Here in Boston, we’ve had a busy but productive week since the CREFC June Convention culminated –punctuated with more than a million hockey fans witnessing a parade of Duck Boats waddle through the Back Bay. The Convention itself saw a smaller (albeit similarly excitable) parade of lenders, borrowers, servicers and other industry participants descend on Manhattan for two days of networking, learning and discussion.

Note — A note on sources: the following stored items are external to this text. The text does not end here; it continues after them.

Theorem theorem7 (R : realType) (d : measure_display) (T : measurableType d)
  (P : probability T R) (p : nat) (Z : T -> 'rV[R]_p) (ws : 'rV[R]_p) :
  (forall i : 'I_p, measurable_fun setT (fun x => Z x 0 i)) ->
  rot_invariant P Z ->
  {ae P, forall x, vnorm (Z x) = 1} ->
  ws != 0 ->
  forall phi : R, 0 <= phi <= pi / 2 ->
  forall w : 'rV[R]_p, w != 0 -> vangle w ws <= phi ->
  forall a : R, eigenvalue (Amat P Z w ws) a -> a <= phi.
Proof.
move=> Zmeas Zrot [N [mN PN NZ]] ws0 phi _ w w0 angle_le a eig.
have PNC : P (~` ~` N) = 0 by rewrite setCK.
have ZG x : (~` N) x -> dotv (Z x) (Z x) = 1.
  move=> Nx; rewrite -sqr_vnorm (_ : vnorm (Z x) = 1) ?expr1n //.
  by apply: contrapT => Zx1; exact: Nx (NZ x Zx1).
apply: le_trans (eigenvalue_Amat_le Zmeas (measurableC mN) PNC ZG _ _ _ eig) _.
apply: le_trans angle_le.
have [vangle_itv cos_vangle] := vangle_def w ws w0 ws0.
have [wV0 wsV0] : 0 < (vnorm w)^-1 /\ 0 < (vnorm ws)^-1 by rewrite !invr_gt0 !vnorm_gt0.
rewrite -(sectorZ _ _ _ _ wV0 wsV0).
apply: (pr_sector_le_angle Zmeas Zrot (measurableC mN) PNC ZG) => //; exact: dotv_unitv.
Qed.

Indeed, the theme for the affair – On the Road Again – was apt and matched the overarching zeitgeist present in the lobby of the Waldorf. With perhaps $50b in insurance company lending and $40b in expected CMBS issuance expected by year’s end, the industry is back to work in earnest. While eager issuers looked to a return of larger deals, cautious investors expressed some concern of perceived weakening in underwriting standards. Participants discussed the impact of this past spring’s roll-out of CREFC’s CMBS 2.0 market standards – a comprehensive initiative to provide consensus on Annex A, a standardized framework for loan underwriting principals, an expanded investor reporting package, a model set of CMBS representations and warranties and an efficient, workable model for dispute resolution when the reps go bad. (One particularly frequent topic of discussion was when (and if) issuers would widely adopt the form reps and warrants).

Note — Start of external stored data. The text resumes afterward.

Definition affine_on (f : R -> R) (a b : R) : Prop :=
  exists c d : R, forall x, a <= x <= b -> f x = c * x + d.

Definition piecewise_linear_from (f : R -> R) (lo : R) : Prop :=
  forall M, lo <= M ->
    exists (k : nat) (t : nat -> R),
      t 0%nat = lo /\ t k = M /\
      forall i, (i < k)%nat -> t i < t (S i) /\ affine_on f (t i) (t (S i)).

Definition continuous_from (f : R -> R) (lo : R) : Prop :=
  forall x, lo <= x -> forall eps, 0 < eps ->
    exists delta, 0 < delta /\
      forall y, lo <= y -> Rabs (y - x) < delta -> Rabs (f y - f x) < eps.

Definition strictly_increasing_from (f : R -> R) (lo : R) : Prop :=
  forall x y, lo <= x -> x < y -> f x < f y.

Definition concave_from (f : R -> R) (lo : R) : Prop :=
  forall x y l, lo <= x -> lo <= y -> 0 <= l <= 1 ->
    l * f x + (1 - l) * f y <= f (l * x + (1 - l) * y).

(* S is submultiplicative on [1, +oo) (the case n0 = infinity). *)
Definition submultiplicative_inf (S : R -> R) : Prop :=
  piecewise_linear_from S 1 /\ continuous_from S 1 /\
  strictly_increasing_from S 1 /\ concave_from S 1 /\
  (forall x, 1 <= x <= 2 -> S x = x) /\
  (forall x y, 1 <= x -> 1 <= y -> S (x * y) <= S x * S y).

(* max_{i in A} f i for a nonempty finite list A (0 for the empty list,
   never used). *)
Definition max_over (f : nat -> R) (A : list nat) : R :=
  match A with
  | nil => 0
  | a :: t => fold_right (fun i m => Rmax (f i) m) (f a) t
  end.

From Stdlib Require Import Reals List ZArith Lra Lia Psatz.
Open Scope R_scope.

(* Each [S_seq j] is a lower envelope [x |-> inf_k (2k + x / 2^(expo j k))] of lines
   with superadditive exponents; superadditivity is exactly what makes the envelope
   submultiplicative, and the line [k = 0] is [x |-> x].  The indices k are grouped into
   doubly exponential stages [tower s <= k < tower (S s)], and in stage s one favoured
   index j (each index is favoured infinitely often) keeps the growth rate of stage
   s-1.  At [x = 2^(expo j K + K)], K the last index of stage s, every line of [S_seq j]
   is at least [K ~ tower s ^ 2], while for every other i the line [k = tower s] of
   [S_seq i] already gives [S_seq i x <= 2 tower s + 1]. *)

Inductive pl_on (f : R -> R) : R -> R -> Prop :=
| pl_affine : forall a b, a < b -> affine_on f a b -> pl_on f a b
| pl_concat : forall a b c, pl_on f a b -> pl_on f b c -> pl_on f a c.

Lemma pl_on_lt f a b : pl_on f a b -> a < b.
Proof. induction 1; lra. Qed.

Lemma affine_on_ext f h a b :
  affine_on f a b -> (forall x, a <= x <= b -> f x = h x) -> affine_on h a b.
Proof.
  intros [c [d H]] E. exists c, d. intros x Hx. rewrite <- E by exact Hx. auto.
Qed.

Lemma pl_on_ext f h a b :
  pl_on f a b -> (forall x, a <= x <= b -> f x = h x) -> pl_on h a b.
Proof.
  intros H; revert h; induction H as [a b Hab Haf | a b c H1 IH1 H2 IH2]; intros h E.
  - apply pl_affine; [exact Hab | eapply affine_on_ext; eauto].
  - pose proof (pl_on_lt _ _ _ H1). pose proof (pl_on_lt _ _ _ H2).
    apply pl_concat with b; [apply IH1 | apply IH2]; intros x Hx; apply E; lra.
Qed.

Lemma affine_le_between p q c d a b x :
  p * a + q <= c * a + d -> p * b + q <= c * b + d -> a <= x <= b ->
  p * x + q <= c * x + d.
Proof. intros Ha Hb Hx. destruct (Rle_dec 0 (p - c)); nra. Qed.

Lemma pl_min_two_affine_ordered p q c d a b :
  a < b -> p * a + q <= c * a + d -> pl_on (fun x => Rmin (p * x + q) (c * x + d)) a b.
Proof.
  intros Hab Ha.
  assert (Hleft : forall u v, u < v -> p * u + q <= c * u + d -> p * v + q <= c * v + d ->
            pl_on (fun x => Rmin (p * x + q) (c * x + d)) u v).
  { intros u v Huv Hu Hv. apply pl_affine; [exact Huv|]. exists p, q. intros x Hx.
    apply Rmin_left, (affine_le_between p q c d u v); auto. }
  assert (Hright : forall u v, u < v -> c * u + d <= p * u + q -> c * v + d <= p * v + q ->
            pl_on (fun x => Rmin (p * x + q) (c * x + d)) u v).
  { intros u v Huv Hu Hv. apply pl_affine; [exact Huv|]. exists c, d. intros x Hx.
    apply Rmin_right, (affine_le_between c d p q u v); auto. }
  destruct (Rle_dec (p * b + q) (c * b + d)) as [Hb|Hb]; [now apply Hleft|].
  destruct (Req_dec (p * a + q) (c * a + d)) as [Ha0|Ha0]; [apply Hright; lra|].
  assert (Hpc : p - c > 0) by nra.
  set (r := (d - q) / (p - c)).
  assert (Hr : p * r + q = c * r + d) by (unfold r; field; lra).
  assert (a < r) by nra. assert (r < b) by nra.
  apply pl_concat with r; [apply Hleft | apply Hright]; lra.
Qed.

Lemma pl_min_two_affine p q c d a b :
  a < b -> pl_on (fun x => Rmin (p * x + q) (c * x + d)) a b.
Proof.
  intros Hab. destruct (Rle_dec (p * a + q) (c * a + d)).
  - now apply pl_min_two_affine_ordered.
  - apply pl_on_ext with (fun x => Rmin (c * x + d) (p * x + q)).
    + apply pl_min_two_affine_ordered; lra.
    + intros x _. apply Rmin_comm.
Qed.

Lemma pl_min_affine f c d a b :
  pl_on f a b -> pl_on (fun x => Rmin (f x) (c * x + d)) a b.
Proof.
  induction 1 as [a b Hab [p [q Hf]] | a b e _ IH1 _ IH2].
  - apply pl_on_ext with (fun x => Rmin (p * x + q) (c * x + d)).
    + now apply pl_min_two_affine.
    + intros x Hx. now rewrite Hf.
  - now apply pl_concat with b.
Qed.

Lemma pl_on_partition f a b : pl_on f a b ->
  exists (k : nat) (t : nat -> R), t 0%nat = a /\ t k = b /\
    forall i, (i < k)%nat -> t i < t (S i) /\ affine_on f (t i) (t (S i)).
Proof.
  induction 1 as [a b Hab Haf | a b c _ [k1 [t1 [A1 [B1 C1]]]] _ [k2 [t2 [A2 [B2 C2]]]]].
  - exists 1%nat, (fun n => if (n =? 0)%nat then a else b).
    split; [reflexivity|]. split; [reflexivity|].
    intros n Hn. replace n with 0%nat by lia. auto.
  - set (t := fun i => if (i <=? k1)%nat then t1 i else t2 (i - k1)%nat).
    assert (T1 : forall i, (i <= k1)%nat -> t i = t1 i).
    { intros i Hi. unfold t. destruct (Nat.leb_spec i k1); [reflexivity | lia]. }
    assert (T2 : forall i, (k1 <= i)%nat -> t i = t2 (i - k1)%nat).
    { intros i Hi. unfold t. destruct (Nat.leb_spec i k1); [|reflexivity].
      replace i with k1 by lia. rewrite Nat.sub_diag. congruence. }
    exists (k1 + k2)%nat, t. split; [rewrite T1 by lia; auto|].
    split; [rewrite T2 by lia; replace (k1 + k2 - k1)%nat with k2 by lia; auto|].
    intros i Hi. destruct (Nat.lt_ge_cases i k1).
    + rewrite !T1 by lia. apply C1; lia.
    + rewrite !T2 by lia. replace (S i - k1)%nat with (S (i - k1)) by lia. apply C2; lia.
Qed.

Lemma piecewise_linear_from_pl_on f lo :
  (forall M, lo < M -> pl_on f lo M) -> piecewise_linear_from f lo.
Proof.
  intros H M HM. destruct (Rle_lt_or_eq_dec lo M HM) as [Hlt|<-].
  - destruct (pl_on_partition _ _ _ (H M Hlt)) as [k [t Ht]]. eauto.
  - exists 0%nat, (fun _ => lo). repeat split; intros; lia.
Qed.

Definition up_nat (x : R) : nat := Z.to_nat (up x).

Lemma up_nat_gt x : 0 <= x -> x < INR (up_nat x).
Proof.
  intros Hx. destruct (archimed x) as [H1 _]. unfold up_nat.
  assert (0 < up x)%Z by (apply lt_0_IZR; lra).
  rewrite INR_IZR_INZ, Z2Nat.id by lia. lra.
Qed.

Section Envelope.
Variable b : nat -> R.
Hypothesis b_pos : forall k, 0 < b k.
Hypothesis b_le1 : forall k, b k <= 1.
Hypothesis b_0 : b 0%nat = 1.
Hypothesis b_submul : forall k m, b (k + m)%nat <= b k * b m.

Definition line (k : nat) (x : R) : R := 2 * INR k + b k * x.

Fixpoint min_lines (n : nat) (x : R) : R :=
  match n with
  | O => line 0 x
  | S n' => Rmin (min_lines n' x) (line n x)
  end.

(* The infimum over all k: on [0, x], lines with [2 k > x] lie above [line 0 x = x]. *)
Definition envelope (x : R) : R := min_lines (up_nat x) x.

Lemma line_0 x : line 0 x = x.
Proof. unfold line. rewrite b_0. simpl. ring. Qed.

Lemma line_ge_index k x : 0 <= x -> 2 * INR k <= line k x.
Proof. intros Hx. unfold line. pose proof (b_pos k). nra. Qed.

Lemma min_lines_le_line n k x : (k <= n)%nat -> min_lines n x <= line k x.
Proof.
  induction n; intros Hk.
  - replace k with 0%nat by lia. simpl. lra.
  - cbn [min_lines]. destruct (Nat.eq_dec k (S n)) as [->|Hne]; [apply Rmin_r|].
    eapply Rle_trans; [apply Rmin_l | apply IHn; lia].
Qed.

Lemma min_lines_attained n x : exists k, min_lines n x = line k x.
Proof.
  induction n as [|n [k E]]; [now exists 0%nat|].
  cbn [min_lines]. unfold Rmin. destruct (Rle_dec _ _); eauto.
Qed.

Lemma min_lines_stable n m x :
  0 <= x -> x <= 2 * INR (S n) -> (n <= m)%nat -> min_lines m x = min_lines n x.
Proof.
  intros Hx Hn. induction m; intros Hm.
  - now replace n with 0%nat by lia.
  - destruct (Nat.eq_dec n (S m)) as [->|Hne]; [reflexivity|].
    cbn [min_lines]. rewrite IHm by lia. apply Rmin_left.
    pose proof (min_lines_le_line n 0 x ltac:(lia)). rewrite line_0 in *.
    pose proof (line_ge_index (S m) x Hx).
    assert (INR (S n) <= INR (S m)) by (apply le_INR; lia). lra.
Qed.

Lemma envelope_le_line k x : 0 <= x -> envelope x <= line k x.
Proof.
  intros Hx. unfold envelope. destruct (le_lt_dec k (up_nat x)).
  - now apply min_lines_le_line.
  - pose proof (min_lines_le_line (up_nat x) 0 x ltac:(lia)). rewrite line_0 in *.
    pose proof (line_ge_index k x Hx). pose proof (up_nat_gt x Hx).
    assert (INR (up_nat x) <= INR k) by (apply le_INR; lia). lra.
Qed.

Lemma envelope_attained x : exists k, envelope x = line k x.
Proof. apply min_lines_attained. Qed.

Lemma envelope_ge B K x : 0 <= x ->
  (forall k, (k <= K)%nat -> B <= b k * x) -> B <= 2 * INR (S K) -> B <= envelope x.
Proof.
  intros Hx Hsmall Hbig. destruct (envelope_attained x) as [k ->].
  destruct (le_lt_dec k K).
  - pose proof (Hsmall k l). pose proof (pos_INR k). unfold line. lra.
  - pose proof (line_ge_index k x Hx). assert (INR (S K) <= INR k) by (apply le_INR; lia).
    lra.
Qed.

Lemma envelope_pos x : 0 < x -> 0 < envelope x.
Proof.
  intros Hx. destruct (envelope_attained x) as [k ->]. unfold line.
  pose proof (b_pos k). pose proof (pos_INR k). nra.
Qed.

Lemma envelope_eq_min_lines x M : 0 <= x <= M -> envelope x = min_lines (up_nat M) x.
Proof.
  intros [Hx HM]. unfold envelope.
  pose proof (up_nat_gt x Hx). pose proof (up_nat_gt M ltac:(lra)).
  rewrite <- (min_lines_stable (up_nat x) (Nat.max (up_nat x) (up_nat M)) x); try lia;
    try (rewrite S_INR; lra); auto.
  apply min_lines_stable; try lia; try (rewrite S_INR; lra); auto.
Qed.

Lemma pl_on_min_lines n u v : u < v -> pl_on (min_lines n) u v.
Proof.
  intros Huv. induction n.
  - apply pl_affine; [exact Huv|]. exists 1, 0. intros x _. simpl. rewrite line_0. ring.
  - apply pl_on_ext with (fun x => Rmin (min_lines n x) (b (S n) * x + 2 * INR (S n))).
    + now apply pl_min_affine.
    + intros x _. cbn [min_lines]. unfold line. f_equal. ring.
Qed.

Lemma envelope_piecewise_linear : piecewise_linear_from envelope 1.
Proof.
  apply piecewise_linear_from_pl_on. intros M HM.
  apply pl_on_ext with (min_lines (up_nat M)); [now apply pl_on_min_lines|].
  intros x Hx. symmetry. apply envelope_eq_min_lines. lra.
Qed.

Lemma envelope_increment_le x y : 0 <= x -> 0 <= y -> envelope y - envelope x <= Rabs (y - x).
Proof.
  intros Hx Hy. destruct (envelope_attained x) as [k E]. pose proof (envelope_le_line k y Hy).
  rewrite E. unfold line in *. pose proof (b_pos k). pose proof (b_le1 k).
  pose proof (Rle_abs (y - x)). pose proof (Rabs_pos (y - x)). nra.
Qed.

As could be expected, continuing regulatory developments commanded significant attention. Forefront on the minds of the industry, of course, are risk retention, rating agency reform, the status of covered bond legislation and what can be done with the GSE’s. Conversations on Premium Recapture divided investors and issuers – while issuers view the concept as a doomsday device with existential consequences for the CMBS market, investors take the view that it represents an effective risk-retention tool that has precedent in other structured-finance spheres (auto, credit card, etc.). All could agree, however, that the concept, as laid out in the NPR, requires significant refinement.

Day two continued with discussions of the return of a market for floating rate deals as fixed rate competition heats up. As I tweeted, more than a few participants discussed the re-invention of the CRE CDO as a viable financing model (yes, someone will find a way to get a CRE CDO done, and no, it will not be called a “CDO”). We at concluded the business end of the Conference with dinner and cocktails with close to 200 of our friends and clients at Quality Meats. The food was good and the room was full – very full – a physical manifestation of a market back at work. We were overjoyed with the size of the turnout and the opportunity to rub shoulders (literally) with so many of those we work with throughout the year.